[Data extracts]:
Lemma glued_join_exists a b : gcar a -> gcar b -> exists j, is_lub gcar gle a b j.
Proof.
  intros [x Hxa] [y Hyb]. destruct (index_join_exists x y) as [z Hz].
  pose proof Hz as (_ & Hxz & Hyz & _).
  destruct (lift_exists x a z Hxa Hxz) as [ua Hua].
  destruct (lift_exists y b z Hyb Hyz) as [ub Hub].
  destruct (level_join_exists z ua ub) as [j Hj].
  - exact (lift_level x a z ua Hua).
  - exact (lift_level y b z ub Hub).
  - exists j. now apply (glued_lub_of_lifts x y z a b ua ub j).
Qed.

Definition min_index (d : U) (s : S) : Prop := Lc s d /\ forall s', Lc s' d -> leS s s'.

Lemma min_index_exists x d : Lc x d -> exists s, min_index d s.
Proof.
  revert x. enough (Hgen : forall x, fullset x -> Lc x d -> exists s, min_index d s)
    by (intros x; exact (Hgen x I)).
  refine (finite_length_lt_ind fullset leS HSpo HSfl _ _). intros x _ IH Hxd.
  destruct (classic (forall s', Lc s' d -> leS x s')) as [Hmin|Hnmin]; [now exists x |].
  apply not_all_ex_not in Hnmin as [s' Hs']. apply imply_to_and in Hs' as [Hs'd Hnxs'].
  destruct (index_meet_exists x s') as [m Hm]. pose proof Hm as (_ & Hmx & Hms' & _).
  apply (IH m I Hmx).
  - intros ->. contradiction.
  - now apply (overlap_meet_index x s' m d).
Qed.

Lemma min_index_mono d d' s s' : gle d d' -> min_index d s -> min_index d' s' -> leS s s'.
Proof.
  intros Hdd' [Hsd Hmin] [Hs'd' _].
  destruct (occurs_below_gle d d' s' Hdd' (occurs_below_here s' d' Hs'd')) as (p & Hps' & Hpd).
  apply leS_trans with p; auto.
Qed.

Lemma glued_finite_length : finite_length gcar gle.
Proof.
  intros C [HCcar HCcmp].
  (* the minimal indices of a chain form a chain of S, and each level meets C in a chain *)
  destruct (HSfl (fun s => exists d, C d /\ min_index d s)) as [ls Hls].
  { split; [intros; exact I |].
    intros s s' (d & Hd & Hs) (d' & Hd' & Hs').
    destruct (HCcmp d d' Hd Hd'); [left | right]; eapply min_index_mono; eauto. }
  destruct (finite_union ls (fun s d => C d /\ min_index d s)) as [L HL].
  { intros s _. apply (level_finite_length s). split; [intros d (_ & Hsd & _); exact Hsd |].
    intros d d' (Hd & Hsd & _) (Hd' & Hsd' & _).
    destruct (HCcmp d d' Hd Hd'); [left | right]; now apply gle_level. }
  exists L. intros d Hd. destruct (HCcar d Hd) as [x Hxd].
  destruct (min_index_exists x d Hxd) as [s Hs].
  apply (HL s d); auto. apply Hls. eauto.
Qed.

Lemma lift_covers_level x a w u :
  lift x a w u -> covers gcar gle a u -> exists s, Lc s a /\ Lc s u.
Proof.
  intros Hl. induction Hl as [Ha | t q u' o v Hl IH _ _ _ _ _ Hv]; intros Hcov.
  - exfalso. now apply Hcov.
  - destruct (lift_spec x a t u' Hl) as (_ & _ & Htu' & Hau').
    pose proof Hv as (Htv & Hu'v & _). pose proof Hcov as (_ & _ & _ & _ & Hbetween).
    destruct (Hbetween u') as [-> | ->]; auto.
    + now exists t.
    + apply (gle_of_le t); auto.
    + now exists t.
Qed.

Lemma glued_covers_level a b : covers gcar gle a b -> exists s, Lc s a /\ Lc s b.
Proof.
  intros Hcov. pose proof Hcov as ([x Hxa] & [y Hyb] & Hab & _ & Hbetween).
  destruct (occurs_above_gle a b x Hab (occurs_above_here x a Hxa)) as (r & Hxr & Hrb).
  destruct (index_join_exists x y) as [w Hw]. pose proof Hw as (_ & Hxw & Hyw & Hleastw).
  destruct (index_join_exists r y) as [j Hj]. pose proof Hj as (_ & Hrj & Hyj & _).
  assert (Hjb : Lc j b) by (now apply (overlap_join_index r y j b)).
  assert (Hwb : Lc w b).
  { apply (level_convex y w j b); auto. apply Hleastw; auto; [exact I | now apply leS_trans with r]. }
  destruct (lift_exists x a w Hxa Hxw) as [u Hu].
  destruct (lift_spec x a w u Hu) as (_ & _ & Hwu & Hau).
  assert (Hub : le w u b) by (now apply (lift_least a b Hab x w u)).
  destruct (Hbetween u) as [-> | ->].
  - now exists w.
  - exact Hau.
  - now apply (gle_of_le w).
  - now exists w.
  - now apply (lift_covers_level x a w b).
Qed.

Lemma level_covers_of_glued s a b :
  covers gcar gle a b -> Lc s a -> Lc s b -> covers (Lc s) (le s) a b.
Proof.
  intros (_ & _ & Hab & Hne & Hbetween) Hsa Hsb. repeat split; auto.
  - now apply gle_level.
  - intros z Hsz Haz Hzb. apply Hbetween; [now exists s | apply (gle_of_le s) ..]; auto.
Qed.

Lemma glued_covers_of_level s a b : covers (Lc s) (le s) a b -> covers gcar gle a b.
Proof.
  intros (Hsa & Hsb & Hab & Hne & Hbetween). repeat split; auto.
  - now exists s.
  - now exists s.
  - now apply (gle_of_le s).
  - intros z _ Haz Hzb.
    assert (Hsz : Lc s z).
    { apply level_of_occurs.
      - apply (occurs_above_gle a z s Haz). now apply occurs_above_here.
      - apply (occurs_below_gle z b s Hzb). now apply occurs_below_here. }
    apply Hbetween; auto; now apply gle_level.
Qed.

Lemma glued_semimodular : (forall x, semimodular (Lc x) (le x)) -> semimodular gcar gle.
Proof.
  intros Hsm a b c j Ha Hb Hc Hne Hab Hac Hj.
  destruct (glued_covers_level a b Hab) as (s1 & Hs1a & Hs1b).
  destruct (glued_covers_level a c Hac) as (s2 & Hs2a & Hs2c).
  (* both covers live in the level w = s1 v s2 *)
  destruct (index_join_exists s1 s2) as [w Hw]. pose proof Hw as (_ & Hs1w & Hs2w & _).
  assert (Hwa : Lc w a) by (now apply (overlap_join_index s1 s2 w a)).
  assert (Hwb : Lc w b) by (apply (overlap_filter s1 w a b); auto; apply gle_level; auto; apply Hab).
  assert (Hwc : Lc w c) by (apply (overlap_filter s2 w a c); auto; apply gle_level; auto; apply Hac).
  destruct (level_join_exists w b c Hwb Hwc) as [j' Hj'].
  assert (Hww : is_lub fullset leS w w w) by (apply lub_of_le; auto using leS_refl; exact I).
  assert (Hglued_j' : is_lub gcar gle b c j')
    by (apply (glued_lub_of_lifts w w w b c b c j'); auto; now constructor).
  rewrite (lub_unique gcar gle b c j j' glued_poset Hj Hglued_j').
  destruct (Hsm w a b c j') as [Hbj' Hcj']; auto using level_covers_of_glued.
  split; now apply (glued_covers_of_level w).
Qed.

End GluedSum.

(** * Duality *)

Section GluedDual.
Context {S U : Type} (leS : S -> S -> Prop) (Lc : S -> U -> Prop) (le : S -> U -> U -> Prop).
Lemma prefix_anti (a b : string) : prefix a b -> prefix b a -> a = b.
Proof.
move=> ab ba; have sab : size a = size b by apply/eqP; rewrite eqn_leq !size_prefix.
by move: ab; rewrite prefixE sab take_size => /eqP.
Qed.

Lemma act0s t : act [::] t = t.
Proof. by rewrite /act (eq_mkseq (g := nth false t)) ?mkseq_nth // => j; rewrite ltn0. Qed.

Lemma acts0 s : act s [::] = [::].
Proof. by []. Qed.

Lemma size_act s t : size (act s t) = size t.
Proof. exact: size_mkseq. Qed.

Lemma act_cons b s c t : act (b :: s) (c :: t) = addb c b :: act s t.
Proof.
rewrite /act /mkseq /=; congr (_ :: _).
by rewrite -[in iota 1 _](addn0 1) iotaDl -map_comp.
Qed.

Lemma actK s : involutive (act s).
Proof.
move=> t; elim: t s => [|c t IH] [|b s]; rewrite ?act0s ?acts0 //.
by rewrite !act_cons addbK IH.
Qed.

Lemma act_cat s a b : act s (a ++ b) = act s a ++ act (drop (size a) s) b.
Proof.
elim: a s => [|c a IH] [|x s]; rewrite ?drop0 ?act0s //.
by rewrite cat_cons !act_cons IH.
Qed.

Lemma act_prefix s t t' : prefix t t' -> prefix (act s t) (act s t').
Proof. by move=> /prefixP [c ->]; rewrite act_cat prefix_prefix. Qed.

Lemma act_nseq_false_cat s t : act (nseq (size t) false ++ s) t = t.
Proof. by elim: t => [//|c t IH]; rewrite act_cons addbF IH. Qed.

Lemma act_diff a b : size a = size b -> act (act a b) a = b.
Proof.
elim: a b => [|x a IH] [|y b] // [ab].
by rewrite !act_cons IH // addbC addbK.
Qed.

Lemma build_from_succ u k bs :
  build_from u k.+1 bs = build_from (fun j => u j.+1) k bs.
Proof. by elim: bs k => [//|b bs IH] k /=; rewrite IH. Qed.

Lemma build_cons u b bs : build u (b :: bs) = u 0 ++ b :: build (fun j => u j.+1) bs.
Proof. by rewrite /build /= build_from_succ. Qed.

Lemma eq_build u v bs :
  (forall k, k < size bs -> u k = v k) -> build u bs = build v bs.
Proof.
elim: bs u v => [//|b bs IH] u v uv; rewrite !build_cons uv //.
by congr (_ ++ _ :: _); apply: IH => k kbs; apply: uv.
Qed.

Lemma build_cat u a b : build u (a ++ b) = build u a ++ build (fun j => u (size a + j)) b.
Proof.
elim: a u => [|x a IH] u; first exact: eq_build.
by rewrite cat_cons !build_cons IH -catA.
Qed.

Lemma prefix_build_cat u a b : prefix (build u a) (build u (a ++ b)).
Proof. by rewrite build_cat prefix_prefix. Qed.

[Activity]:
From the entries above, write out only the lines starting at the line that holds "Lemma build_cons u" and ending at the line that holds "Lemma prefix_build_cat u", keeping both and matching them exactly.

[Response to this task]:
Lemma build_cons u b bs : build u (b :: bs) = u 0 ++ b :: build (fun j => u j.+1) bs.
Proof. by rewrite /build /= build_from_succ. Qed.

Lemma eq_build u v bs :
  (forall k, k < size bs -> u k = v k) -> build u bs = build v bs.
Proof.
elim: bs u v => [//|b bs IH] u v uv; rewrite !build_cons uv //.
by congr (_ ++ _ :: _); apply: IH => k kbs; apply: uv.
Qed.

Lemma build_cat u a b : build u (a ++ b) = build u a ++ build (fun j => u (size a + j)) b.
Proof.
elim: a u => [|x a IH] u; first exact: eq_build.
by rewrite cat_cons !build_cons IH -catA.
Qed.

Lemma prefix_build_cat u a b : prefix (build u a) (build u (a ++ b)).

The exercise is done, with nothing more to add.